Preparation for Death - Consideration XXXIV

Holy Communion.
“Take ye, and eat: this is my body.” – Matt. xxvi. 26.
FIRST POINT.
The Eucharist is a Precious Gift.
Let us consider the great gift which Jesus Christ has bestowed on us in the institution of the Most Holy Sacrament; the great love he has shown to us in this gift; and his great desire that we should receive this gift. Let us, in the first place, consider the great gift which Jesus Christ has bestowed upon us in giving us himself entirely for our food in the Holy Communion. St. Augustine says that Jesus Christ, though an omnipotent God, has nothing more to give us.1 And what greater treasure, adds St. Bernardine of Sienna, can a soul receive or desire, than the sacred body of Jesus Christ?2 The prophet Isaias exclaims: Make His works known among the people.3 O men! proclaim aloud the loving inventions of our good God. And if our Redeemer had not bestowed this gift upon us, who among us could have asked it? Who could have dared to say to him: Lord, if Thou wishest to make us understand Thy love, remain under the species of bread, and permit us to make Thee our food? Even to think of it would be considered folly. “Does it not,” says St.
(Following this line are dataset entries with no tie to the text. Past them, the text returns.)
(* Let $A\in\mathbb{R}^{n\times n}$, $B\in\mathbb{R}^{n\times m}$, $Q=Q^T\succeq0$, $R=R^T\succ0$, and consider $\dot{\mathbf{x}}=A\mathbf{x}+B\mathbf{u}$, $\mathbf{x}(t_0)=\mathbf{x}_0$, with cost $J(\mathbf{u})=\int_{t_0}^\infty(\mathbf{x}^TQ\mathbf{x}+\mathbf{u}^TR\mathbf{u})dt$ and optimal cost $J^*$. Let $\Gamma(X)=A^TX+XA+Q$ and $\Upsilon(\Psi,\Phi)=(\Psi+\Psi^T)BR^{-1}B^T(\Phi+\Phi^T)$. Let $P\in\mathbb{R}^{n\times n}$ and $\bar P=\bar P^T\succ0$ satisfy $$\begin{bmatrix}\Gamma(P) & (P+P^T)B & 0&0\\ B^T(P+P^T) & 4R&0&0\\ 0&0&-\Gamma(\bar P) & (P+P^T-\bar P-\bar P^T)B\\ 0&0&B^T(P+P^T-\bar P-\bar P^T) & 4R\end{bmatrix}\succ0,$$ suppose $A-\tfrac12\Upsilon(I,P)$ is Hurwitz, and suppose the function $s(\mathbf{x},\mathbf{u})=\frac{\partial q}{\partial\mathbf{x}}(A\mathbf{x}+B\mathbf{u})+\mathbf{x}^TQ\mathbf{x}+\mathbf{u}^TR\mathbf{u}$ with $q(\mathbf{x})=\mathbf{x}^T(P-\bar P)\mathbf{x}$ is strictly convex in $(\mathbf{x},\mathbf{u})$. Then: (1) $q=\mathbf{x}^T(P-\bar P)\mathbf{x}$ is a solving function for the $\epsilon$-suboptimal LQR problem; (2) the control law $\mathbf{u}=-\tfrac12R^{-1}B^T(P+P^T)\mathbf{x}$ is $\epsilon$-suboptimal with $\epsilon=\mathbf{x}_0^T\bar P\mathbf{x}_0-J^*$, i.e. $J(\mathbf{u})<\mathbf{x}_0^T\bar P\mathbf{x}_0$.
   Context: Matrix inequalities are in the Loewner sense. A control law is $\epsilon$-suboptimal if its cost satisfies $J(\mathbf{u})<J^*+\epsilon$. Krotov framework: for a Krotov function $q(\mathbf{x},t)$ the cost is rewritten as $q(\mathbf{x}_0,t_0)+\int s\,dt+s_f$ with $s=\partial q/\partial t+\frac{\partial q}{\partial\mathbf{x}}(A\mathbf{x}+B\mathbf{u})+\mathbf{x}^TQ\mathbf{x}+\mathbf{u}^TR\mathbf{u}$, $s_f=-q(\mathbf{x}(t_f),t_f)$, $t_f\to\infty$; $q$ is called a solving function whenever an optimal or suboptimal process is obtained directly (noniteratively) from it. Note $\Upsilon(I,P)=2BR^{-1}B^T(P+P^T)$. *)

From HB Require Import structures.
From mathcomp Require Import all_boot all_order all_algebra.
From mathcomp Require Import all_classical all_reals all_analysis.
From mathcomp Require Import complex.
Set Implicit Arguments. Unset Strict Implicit. Unset Printing Implicit Defensive.
Import Order.TTheory GRing.Theory Num.Theory.
Local Open Scope ring_scope.

Definition qform (R : realType) (n : nat) (M : 'M[R]_n) (x : 'cV[R]_n) : R :=
  (x^T *m M *m x) 0 0.

(* M ≻ 0 : x^T M x > 0 for all x ≠ 0 (symmetry is imposed separately when the
   paper requires it). *)
Definition posdef (R : realType) (n : nat) (M : 'M[R]_n) : Prop :=
  forall x : 'cV[R]_n, x != 0 -> 0 < qform M x.

Definition possemidef (R : realType) (n : nat) (M : 'M[R]_n) : Prop :=
  forall x : 'cV[R]_n, 0 <= qform M x.

Definition hurwitz (R : realType) (n : nat) (M : 'M[R]_n) : Prop :=
  forall z : R[i], eigenvalue (map_mx (@real_complex R) M) z -> Re z < 0.

Definition Gamma (R : realType) (n : nat) (A Q X : 'M[R]_n) : 'M[R]_n :=
  A^T *m X + X *m A + Q.

Definition Upsilon (R : realType) (n m : nat) (B : 'M[R]_(n, m)) (Rm : 'M[R]_m)
  (Psi Phi : 'M[R]_n) : 'M[R]_n :=
  (Psi + Psi^T) *m B *m invmx Rm *m B^T *m (Phi + Phi^T).

Definition lmi_matrix (R : realType) (n m : nat) (A : 'M[R]_n) (B : 'M[R]_(n, m))
  (Q : 'M[R]_n) (Rm : 'M[R]_m) (P Pb : 'M[R]_n) : 'M[R]_((n + m) + (n + m)) :=
  block_mx
    (block_mx (Gamma A Q P) ((P + P^T) *m B) (B^T *m (P + P^T)) (4%:R *: Rm))
    0 0
    (block_mx (- Gamma A Q Pb) ((P + P^T - Pb - Pb^T) *m B)
              (B^T *m (P + P^T - Pb - Pb^T)) (4%:R *: Rm)).

(* s(x,u) = dq/dx (Ax+Bu) + x^T Q x + u^T R u with q(x) = x^T (P - Pb) x,
   so dq/dx = x^T ((P - Pb) + (P - Pb)^T). *)
Definition s_fun (R : realType) (n m : nat) (A : 'M[R]_n) (B : 'M[R]_(n, m))
  (Q : 'M[R]_n) (Rm : 'M[R]_m) (P Pb : 'M[R]_n) (x : 'cV[R]_n) (u : 'cV[R]_m) : R :=
  (x^T *m ((P - Pb) + (P - Pb)^T) *m (A *m x + B *m u)) 0 0
  + qform Q x + qform Rm u.

Definition strictly_convex_xu (R : realType) (n m : nat)
  (f : 'cV[R]_n -> 'cV[R]_m -> R) : Prop :=
  forall (x1 x2 : 'cV[R]_n) (u1 u2 : 'cV[R]_m) (l : R),
    (x1 != x2 \/ u1 != u2) -> 0 < l -> l < 1 ->
    f (l *: x1 + (1 - l) *: x2) (l *: u1 + (1 - l) *: u2)
      < l * f x1 u1 + (1 - l) * f x2 u2.

Definition control_law (R : realType) (n m : nat) (B : 'M[R]_(n, m)) (Rm : 'M[R]_m)
  (P : 'M[R]_n) (x : 'cV[R]_n) : 'cV[R]_m :=
  - (2%:R^-1 *: (invmx Rm *m B^T *m (P + P^T) *m x)).

(* Infinite-horizon cost J(u) = ∫_{t0}^∞ (x^T Q x + u^T R u) dt, as an
   extended real (the integrand is nonnegative). *)
Definition cost (R : realType) (n m : nat) (Q : 'M[R]_n) (Rm : 'M[R]_m)
  (t0 : R) (x : R -> 'cV[R]_n) (u : R -> 'cV[R]_m) : \bar R :=
  (\int[lebesgue_measure]_(t in `[t0, +oo[%classic) (qform Q (x t) + qform Rm (u t))%:E)%E.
Augustine, “appear foolishness to say, eat my flesh – drink my blood?”4 When Jesus Christ made known to his disciples this great gift of the Most Holy Sacrament which he wished to leave us, they could not bring themselves to believe it; and, therefore, they departed from him, saying: How can this man give us his flesh to eat? . . . This saying is hard, and who can hear it?5 But, what men could never imagine, the great love of Jesus Christ has invented and executed.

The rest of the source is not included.